(* Suppose $J^d_\mu$ takes the same value for all $d\in\mathcal D$. Then the policy $d$ returned by Algorithm 1 (from any initial policy) is globally optimal: $J^d_{\mu,\sigma}=\max_{d'\in\mathcal D}J^{d'}_{\mu,\sigma}$.
   Context: Let $\mathcal S=\{1,\dots,S\}$ be a finite state space and $\mathcal A$ a finite action set, with transition probabilities $p^a(i,j)\ge0$ ($\sum_j p^a(i,j)=1$) and rewards $r(i,a)\in\mathbb R$. A deterministic stationary policy is a map $d:\mathcal S\to\mathcal A$; $\mathcal D$ is the set of these; $\mathbf P^d$ has entries $p^{d(i)}(i,j)$, $\mathbf r^d$ has entries $r(i,d(i))$. Standing assumption: every $\mathbf P^d$ is irreducible, with unique stationary distribution $\boldsymbol\pi^d$ (positive entries). Define $J^d_\mu=\boldsymbol\pi^d\mathbf r^d$, and for fixed $\beta>0$, $J^d_{\mu,\sigma}=\boldsymbol\pi^d\mathbf f^d$ with $f^d(i)=r(i,d(i))-\beta(r(i,d(i))-J^d_\mu)^2$; $\mathbf g^d$ is any solution of $\mathbf g^d=\mathbf f^d-J^d_{\mu,\sigma}\mathbf 1+\mathbf P^d\mathbf g^d$. Algorithm 1: choose any $d^{(0)}\in\mathcal D$, $l=0$; repeat: compute $J_\mu=J^{d^{(l)}}_\mu$ and $\mathbf g=\mathbf g^{d^{(l)}}$; define $d^{(l+1)}(i)\in\arg\max_{a\in\mathcal A}\{r(i,a)-\beta[r(i,a)-J_\mu]^2+\sum_j p^a(i,j)g(j)\}$ for all $i$, choosing $d^{(l+1)}(i)=d^{(l)}(i)$ whenever $d^{(l)}(i)$ attains the maximum; set $l:=l+1$; until $d^{(l)}=d^{(l-1)}$; return $d^{(l)}$ (this terminates after finitely many iterations). *)

From HB Require Import structures.
From mathcomp Require Import all_boot all_order all_algebra.
Set Implicit Arguments. Unset Strict Implicit. Unset Printing Implicit Defensive.
Import Order.TTheory GRing.Theory Num.Theory.
Local Open Scope ring_scope.

Section MDP.
Variables (R : realFieldType) (S : nat) (A : finType).
(* p a i j = p^a(i,j), r i a = r(i,a) *)
Variables (p : A -> 'I_S -> 'I_S -> R) (r : 'I_S -> A -> R).

Definition policy := {ffun 'I_S -> A}.

Definition Pmat (d : policy) : 'M[R]_S := \matrix_(i, j) p (d i) i j.

Definition stochastic : Prop :=
  forall a i, (forall j, 0 <= p a i j) /\ \sum_j p a i j = 1.

Definition irreducible (d : policy) : Prop :=
  forall i j, connect (fun x y => 0 < Pmat d x y) i j.

Definition stationary_dist (d : policy) (pi : 'I_S -> R) : Prop :=
  (forall i, 0 <= pi i) /\ \sum_i pi i = 1 /\
  (forall j, \sum_i pi i * Pmat d i j = pi j).

Variable (pi : policy -> 'I_S -> R).
Variable (beta : R).

Definition Jmu (d : policy) : R := \sum_i pi d i * r i (d i).

Definition fvec (d : policy) (i : 'I_S) : R :=
  r i (d i) - beta * (r i (d i) - Jmu d) ^+ 2.

Definition Jmusig (d : policy) : R := \sum_i pi d i * fvec d i.

Definition poisson_sol (d : policy) (g : 'I_S -> R) : Prop :=
  forall i, g i = fvec d i - Jmusig d + \sum_j Pmat d i j * g j.

(* one iteration of Algorithm 1: from d (with J_mu = J^d_mu and some
   solution g) to d' *)
Definition alg_step (d d' : policy) : Prop :=
  exists g, poisson_sol d g /\
  let Q i a := r i a - beta * (r i a - Jmu d) ^+ 2 + \sum_j p a i j * g j in
  forall i, (forall a, Q i a <= Q i (d' i)) /\
            ((forall a, Q i a <= Q i (d i)) -> d' i = d i).

(* ds 0, ..., ds L is a run of Algorithm 1 that terminates (for the first
   time) at iteration L, returning ds L *)
Definition alg_run (ds : nat -> policy) (L : nat) : Prop :=
  (0 < L)%N /\
  (forall l, (l < L)%N -> alg_step (ds l) (ds l.+1)) /\
  (forall l, (0 < l < L)%N -> ds l != ds l.-1) /\
  ds L = ds L.-1.

End MDP.

(* Algorithm 1 stops at d = ds L with ds L = ds (L-1), so d is a
   fixed point of one improvement step: for a solution g of the Poisson
   equation of d, every state i satisfies
     Q_d(i, a) <= Q_d(i, d(i)) = g(i) + J^d_{mu,sigma}   for all actions a.
   Since J^{d'}_mu = J^d_mu, the value Q_d(i, d'(i)) is exactly
   f^{d'}(i) + (P^{d'} g)(i), hence f^{d'} + P^{d'} g <= g + J^d_{mu,sigma} 1
   componentwise.  Averaging against the stationary distribution pi^{d'},
   which is invariant under P^{d'}, the g-terms cancel and we are left with
   J^{d'}_{mu,sigma} <= J^d_{mu,sigma}. *)
From HB Require Import structures.
From mathcomp Require Import all_boot all_order all_algebra.
From mathcomp Require Import lra.
Import Order.TTheory GRing.Theory Num.Theory.
Local Open Scope ring_scope.

Section FixedPointOptimality.
Variables (R : realFieldType) (S : nat) (A : finType).
Variables (p : A -> 'I_S -> 'I_S -> R) (r : 'I_S -> A -> R).
Variables (pi : policy S A -> 'I_S -> R) (beta : R).

Lemma Pmat_row (d : policy S A) (g : 'I_S -> R) (i : 'I_S) :
  \sum_j Pmat p d i j * g j = \sum_j p (d i) i j * g j.
Proof. by apply: eq_bigr => j _; rewrite mxE. Qed.

Lemma stationary_average (d : policy S A) (mu g : 'I_S -> R) :
  stationary_dist p d mu ->
  \sum_i mu i * \sum_j Pmat p d i j * g j = \sum_j mu j * g j.
Proof.
case=> _ [_ mu_inv].
under eq_bigr do rewrite mulr_sumr.
rewrite exchange_big /=; apply: eq_bigr => j _.
by rewrite -mu_inv mulr_suml; apply: eq_bigr => i _; rewrite mulrA.
Qed.

Lemma stationary_average_bound (d : policy S A) (mu h g : 'I_S -> R) (c : R) :
  stationary_dist p d mu ->
  (forall i, h i + \sum_j Pmat p d i j * g j <= g i + c) ->
  \sum_i mu i * h i <= c.
Proof.
move=> mu_st hle; have [mu_ge0 [mu_sum1 _]] := mu_st.
have avg : \sum_i mu i * (h i + \sum_j Pmat p d i j * g j)
           <= \sum_i mu i * (g i + c).
  by apply: ler_sum => i _; apply: ler_wpM2l.
move: avg; rewrite !(eq_bigr _ (fun i _ => mulrDr _ _ _)) !big_split /=.
rewrite -mulr_suml mu_sum1 mul1r stationary_average //; lra.
Qed.

Lemma fixed_point_optimal (d : policy S A) :
  (forall d', stationary_dist p d' (pi d')) ->
  (forall d', Jmu r pi d' = Jmu r pi d) ->
  alg_step p r pi beta d d ->
  forall d', Jmusig r pi beta d' <= Jmusig r pi beta d.
Proof.
move=> stat sameJ [g [poisson greedy]] d'.
(* Q_d(i, d'(i)) <= Q_d(i, d(i)), read through the Poisson equation of d. *)
have dominated i :
    fvec r pi beta d' i + \sum_j Pmat p d' i j * g j <= g i + Jmusig r pi beta d.
  have [maxQ _] := greedy i; have := maxQ (d' i).
  by rewrite (poisson i) /fvec (sameJ d') !Pmat_row; lra.
rewrite {1}/Jmusig; exact: stationary_average_bound (stat d') dominated.
Qed.

Lemma alg_run_fixed_point (ds : nat -> policy S A) (L : nat) :
  alg_run p r pi beta ds L -> alg_step p r pi beta (ds L) (ds L).
Proof.
case=> L_gt0 [steps [_ stop]].
by have := steps L.-1; rewrite prednK // -stop; apply.
Qed.

End FixedPointOptimality.

(* The kernel, irreducibility and beta > 0 hypotheses only make pi^d and the
   mean-variance criterion meaningful; the optimality argument needs just the
   stationarity of pi^d and the common mean reward. *)
Theorem mainTheorem10 (R : realFieldType) (S : nat) (A : finType)
    (p : A -> 'I_S -> 'I_S -> R) (r : 'I_S -> A -> R)
    (pi : policy S A -> 'I_S -> R) (beta : R) :
  stochastic p ->
  (forall d : policy S A, irreducible p d) ->
  (forall d : policy S A, stationary_dist p d (pi d)) ->
  0 < beta ->
  (forall d d' : policy S A, Jmu r pi d = Jmu r pi d') ->
  forall (ds : nat -> policy S A) (L : nat),
    alg_run p r pi beta ds L ->
    forall d' : policy S A,
      Jmusig r pi beta d' <= Jmusig r pi beta (ds L).
Proof.
move=> _ _ stat _ sameJ ds L run.
apply: fixed_point_optimal => //.
exact: alg_run_fixed_point.
Qed.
§
WHAT YOU SHOULD DO: Your answer should be all lines from the data that contain "every".

OUTPUT:
   Context: Let $\mathcal S=\{1,\dots,S\}$ be a finite state space and $\mathcal A$ a finite action set, with transition probabilities $p^a(i,j)\ge0$ ($\sum_j p^a(i,j)=1$) and rewards $r(i,a)\in\mathbb R$. A deterministic stationary policy is a map $d:\mathcal S\to\mathcal A$; $\mathcal D$ is the set of these; $\mathbf P^d$ has entries $p^{d(i)}(i,j)$, $\mathbf r^d$ has entries $r(i,d(i))$. Standing assumption: every $\mathbf P^d$ is irreducible, with unique stationary distribution $\boldsymbol\pi^d$ (positive entries). Define $J^d_\mu=\boldsymbol\pi^d\mathbf r^d$, and for fixed $\beta>0$, $J^d_{\mu,\sigma}=\boldsymbol\pi^d\mathbf f^d$ with $f^d(i)=r(i,d(i))-\beta(r(i,d(i))-J^d_\mu)^2$; $\mathbf g^d$ is any solution of $\mathbf g^d=\mathbf f^d-J^d_{\mu,\sigma}\mathbf 1+\mathbf P^d\mathbf g^d$. Algorithm 1: choose any $d^{(0)}\in\mathcal D$, $l=0$; repeat: compute $J_\mu=J^{d^{(l)}}_\mu$ and $\mathbf g=\mathbf g^{d^{(l)}}$; define $d^{(l+1)}(i)\in\arg\max_{a\in\mathcal A}\{r(i,a)-\beta[r(i,a)-J_\mu]^2+\sum_j p^a(i,j)g(j)\}$ for all $i$, choosing $d^{(l+1)}(i)=d^{(l)}(i)$ whenever $d^{(l)}(i)$ attains the maximum; set $l:=l+1$; until $d^{(l)}=d^{(l-1)}$; return $d^{(l)}$ (this terminates after finitely many iterations). *)
   equation of d, every state i satisfies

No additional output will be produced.